(* In a network satisfying (H1) and (H2) containing the two connected components $Y+S_0\rightleftarrows U_1\to\cdots\rightleftarrows U_L\to Y+S_L$ and $\widetilde Y+S_L\rightleftarrows V_L\to\widetilde Y+S_{L-1}\rightleftarrows\cdots\rightleftarrows V_1\to\widetilde Y+S_0$ ($L\ge1$), with rate constants as in the context and $\tilde K_j:=\tilde b_j+\tilde c_j$, the constants $\tilde a_L,\tilde b_L,\tilde c_L$ and, for $1\le j\le L-1$, the quantities $\tilde a_j$ and $\tilde K_j$ are identifiable from $s_L$ using $\dot s_L$ and $\ddot s_L$.
   Context: Species are capital letters, concentrations lower-case letters. Mass-action system: $\dot{\mathbf{x}}=\sum_{y\to y'}k_{yy'}\mathbf{x}^y(y'-y)$, rates $k_{yy'}>0$ (vector $\mathbf{k}$). Total derivative: $\dot\varphi=\sum_i\frac{\partial\varphi}{\partial x_i}\dot x_i$ with $\dot x_i$ replaced by the right-hand side; $\varphi^{(\ell)}$ its $\ell$-th iterate. A map $\psi$ of $\mathbf{k}$ is identifiable from $x$ using orders $1\le\ell\le D$ if for positive $\mathbf{k}^*,\mathbf{k}^{**}$, $x^{(\ell)}(\mathbf{x},\mathbf{k}^* )=x^{(\ell)}(\mathbf{x},\mathbf{k}^{**})$ as polynomials in $\mathbf{x}$ for all $1\le\ell\le D$ implies $\psi(\mathbf{k}^* )=\psi(\mathbf{k}^{**})$. (H1) Every connected component has the form $Y+S_0\rightleftarrows U_1\to\cdots\rightleftarrows U_L\to Y+S_L$ (reactions $Y+S_{j-1}\to U_j$, $U_j\to Y+S_{j-1}$, $U_j\to Y+S_j$), unique enzyme; intermediates distinct throughout the network; non-intermediates of a component pairwise distinct but may appear in other components; each complex in a unique component. $\mathscr{S}_U$ = substrates/products of the component of intermediate $U$. (H2) A partition $\mathscr{S}^{(0)}\sqcup\cdots\sqcup\mathscr{S}^{(M)}$ ($M\ge2$, nonempty, $\mathscr{S}^{(0)}$ the intermediates) with: for each intermediate $U$ with enzyme $Y$, some $\alpha\ge1$ has $\mathscr{S}_U\subseteq\mathscr{S}^{(\alpha)}$, $Y\notin\mathscr{S}^{(\alpha)}$. Rates: first component $Y+S_{j-1}\to U_j$: $a_j$; $U_j\to Y+S_{j-1}$: $b_j$; $U_j\to Y+S_j$: $c_j$. Second component: $\widetilde Y+S_j\to V_j$: $\tilde a_j$; $V_j\to\widetilde Y+S_j$: $\tilde b_j$; $V_j\to\widetilde Y+S_{j-1}$: $\tilde c_j$ ($1\le j\le L$). *)

From HB Require Import structures.
From mathcomp Require Import all_boot all_order all_algebra.
Set Implicit Arguments. Unset Strict Implicit. Unset Printing Implicit Defensive.
Import Order.TTheory GRing.Theory Num.Theory.
Local Open Scope ring_scope.

(* A monomial x^y is its exponent vector y : S -> nat (also used for complexes). *)
Definition mono (S : finType) := {ffun S -> nat}.

(* A polynomial is a finite list of terms (coefficient, monomial);
   repeated monomials are allowed, coefficients are summed. *)
Definition mpoly (R : nzRingType) (S : finType) := seq (R * mono S).

Definition mcoef (R : nzRingType) (S : finType) (p : mpoly R S) (m : mono S) : R :=
  \sum_(t <- p | t.2 == m) t.1.

Definition mpoly_eq (R : nzRingType) (S : finType) (p q : mpoly R S) : Prop :=
  forall m : mono S, mcoef p m = mcoef q m.

Definition mvar (R : nzRingType) (S : finType) (s : S) : mpoly R S :=
  [:: (1, [ffun z => nat_of_bool (z == s)] : mono S)].

Definition mmul (R : nzRingType) (S : finType) (p q : mpoly R S) : mpoly R S :=
  [seq (t.1 * u.1, [ffun z => (t.2 z + u.2 z)%N] : mono S) | t : R * mono S <- p, u : R * mono S <- q].

Definition mderiv (R : nzRingType) (S : finType) (i : S) (p : mpoly R S) : mpoly R S :=
  [seq (t.1 * (t.2 i)%:R, [ffun z => if z == i then (t.2 z).-1 else t.2 z] : mono S) | t : R * mono S <- p].

Definition tdot (R : nzRingType) (S : finType) (f : S -> mpoly R S) (p : mpoly R S)
  : mpoly R S :=
  flatten [seq mmul (mderiv i p) (f i) | i <- enum S].

Definition iter_dot (R : nzRingType) (S : finType) (f : S -> mpoly R S) (l : nat) (s : S)
  : mpoly R S := iter l (tdot f) (mvar R s).

(* Mass-action right-hand side: reactions are (rate, reactant y, product y'),
   x_s' = sum k x^y (y'_s - y_s). *)
Definition mass_action (R : nzRingType) (S : finType) (rxns : seq (R * mono S * mono S))
  (s : S) : mpoly R S :=
  [seq (r.1.1 * ((r.2 s)%:R - (r.1.2 s)%:R), r.1.2) | r : R * mono S * mono S <- rxns].

Record rcomp (S : finType) := Comp {
  cL : nat;
  cY : S;
  cS : nat -> S;     (* substrates/products S_0 .. S_L *)
  cU : nat -> S      (* intermediates U_1 .. U_L *)
}.

Definition cplxYS (S : finType) (Y s : S) : mono S :=
  [ffun z => (nat_of_bool (z == Y) + nat_of_bool (z == s))%N].
Definition cplx1 (S : finType) (U : S) : mono S := [ffun z => nat_of_bool (z == U)].

(* Rate vector k: for component c and 1 <= j <= L_c,
   ka c j : Y+S_{j-1} -> U_j,  kb c j : U_j -> Y+S_{j-1},  kc c j : U_j -> Y+S_j. *)
Definition rates (R : Type) (n : nat) :=
  (('I_n -> nat -> R) * ('I_n -> nat -> R) * ('I_n -> nat -> R))%type.

Definition network_reactions (R : nzRingType) (S : finType) (n : nat)
  (comps : 'I_n -> rcomp S) (k : rates R n) : seq (R * mono S * mono S) :=
  let: (ka, kb, kc) := k in
  flatten [seq
    flatten [seq
      [:: (ka c j, cplxYS (cY (comps c)) (cS (comps c) j.-1), cplx1 (cU (comps c) j));
          (kb c j, cplx1 (cU (comps c) j), cplxYS (cY (comps c)) (cS (comps c) j.-1));
          (kc c j, cplx1 (cU (comps c) j), cplxYS (cY (comps c)) (cS (comps c) j))]
      | j <- iota 1 (cL (comps c))]
    | c <- enum 'I_n].

Definition rhs (R : nzRingType) (S : finType) (n : nat) (comps : 'I_n -> rcomp S)
  (k : rates R n) : S -> mpoly R S :=
  mass_action (network_reactions comps k).

Definition positive_rates (R : numDomainType) (S : finType) (n : nat)
  (comps : 'I_n -> rcomp S) (k : rates R n) : Prop :=
  let: (ka, kb, kc) := k in
  forall c j, (1 <= j <= cL (comps c))%N -> 0 < ka c j /\ 0 < kb c j /\ 0 < kc c j.

Definition is_intermediate (S : finType) (n : nat) (comps : 'I_n -> rcomp S) (s : S) : Prop :=
  exists c j, (1 <= j <= cL (comps c))%N /\ s = cU (comps c) j.

Definition species_cover (S : finType) (n : nat) (comps : 'I_n -> rcomp S) : Prop :=
  forall s : S, exists c : 'I_n,
    s = cY (comps c) \/ (exists i, (i <= cL (comps c))%N /\ s = cS (comps c) i)
    \/ (exists j, (1 <= j <= cL (comps c))%N /\ s = cU (comps c) j).

Definition H1 (S : finType) (n : nat) (comps : 'I_n -> rcomp S) : Prop :=
  (forall c, (0 < cL (comps c))%N) /\
  (forall c j c' j', (1 <= j <= cL (comps c))%N -> (1 <= j' <= cL (comps c'))%N ->
     cU (comps c) j = cU (comps c') j' -> c = c' /\ j = j') /\
  (forall c j c', (1 <= j <= cL (comps c))%N ->
     cU (comps c) j <> cY (comps c') /\
     (forall i, (i <= cL (comps c'))%N -> cU (comps c) j <> cS (comps c') i)) /\
  (forall c, (forall i, (i <= cL (comps c))%N -> cY (comps c) <> cS (comps c) i) /\
     (forall i i', (i <= cL (comps c))%N -> (i' <= cL (comps c))%N ->
        cS (comps c) i = cS (comps c) i' -> i = i')) /\
  (forall c c' i i', c <> c' -> (i <= cL (comps c))%N -> (i' <= cL (comps c'))%N ->
     cplxYS (cY (comps c)) (cS (comps c) i) <> cplxYS (cY (comps c')) (cS (comps c') i')).

(* (H2): partition S^(0) |_| ... |_| S^(M) given by a class function cls *)
Definition H2 (S : finType) (n : nat) (comps : 'I_n -> rcomp S) : Prop :=
  exists (M : nat) (cls : S -> nat),
    (2 <= M)%N /\
    (forall s, (cls s <= M)%N) /\
    (forall a, (a <= M)%N -> exists s, cls s = a) /\
    (forall s, cls s = 0%N <-> is_intermediate comps s) /\
    (forall c j, (1 <= j <= cL (comps c))%N ->
       exists a, (1 <= a)%N /\
         (forall i, (i <= cL (comps c))%N -> cls (cS (comps c) i) = a) /\
         cls (cY (comps c)) <> a).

= Aim of the exercise =
Looking at the entries above, can you reproduce exactly the lines from the one that holds "[:: (ka c j, cplxYS" through the one that holds "0 < kc c j.", and only those?

= Answer box =
      [:: (ka c j, cplxYS (cY (comps c)) (cS (comps c) j.-1), cplx1 (cU (comps c) j));
          (kb c j, cplx1 (cU (comps c) j), cplxYS (cY (comps c)) (cS (comps c) j.-1));
          (kc c j, cplx1 (cU (comps c) j), cplxYS (cY (comps c)) (cS (comps c) j))]
      | j <- iota 1 (cL (comps c))]
    | c <- enum 'I_n].

Definition rhs (R : nzRingType) (S : finType) (n : nat) (comps : 'I_n -> rcomp S)
  (k : rates R n) : S -> mpoly R S :=
  mass_action (network_reactions comps k).

Definition positive_rates (R : numDomainType) (S : finType) (n : nat)
  (comps : 'I_n -> rcomp S) (k : rates R n) : Prop :=
  let: (ka, kb, kc) := k in
  forall c j, (1 <= j <= cL (comps c))%N -> 0 < ka c j /\ 0 < kb c j /\ 0 < kc c j.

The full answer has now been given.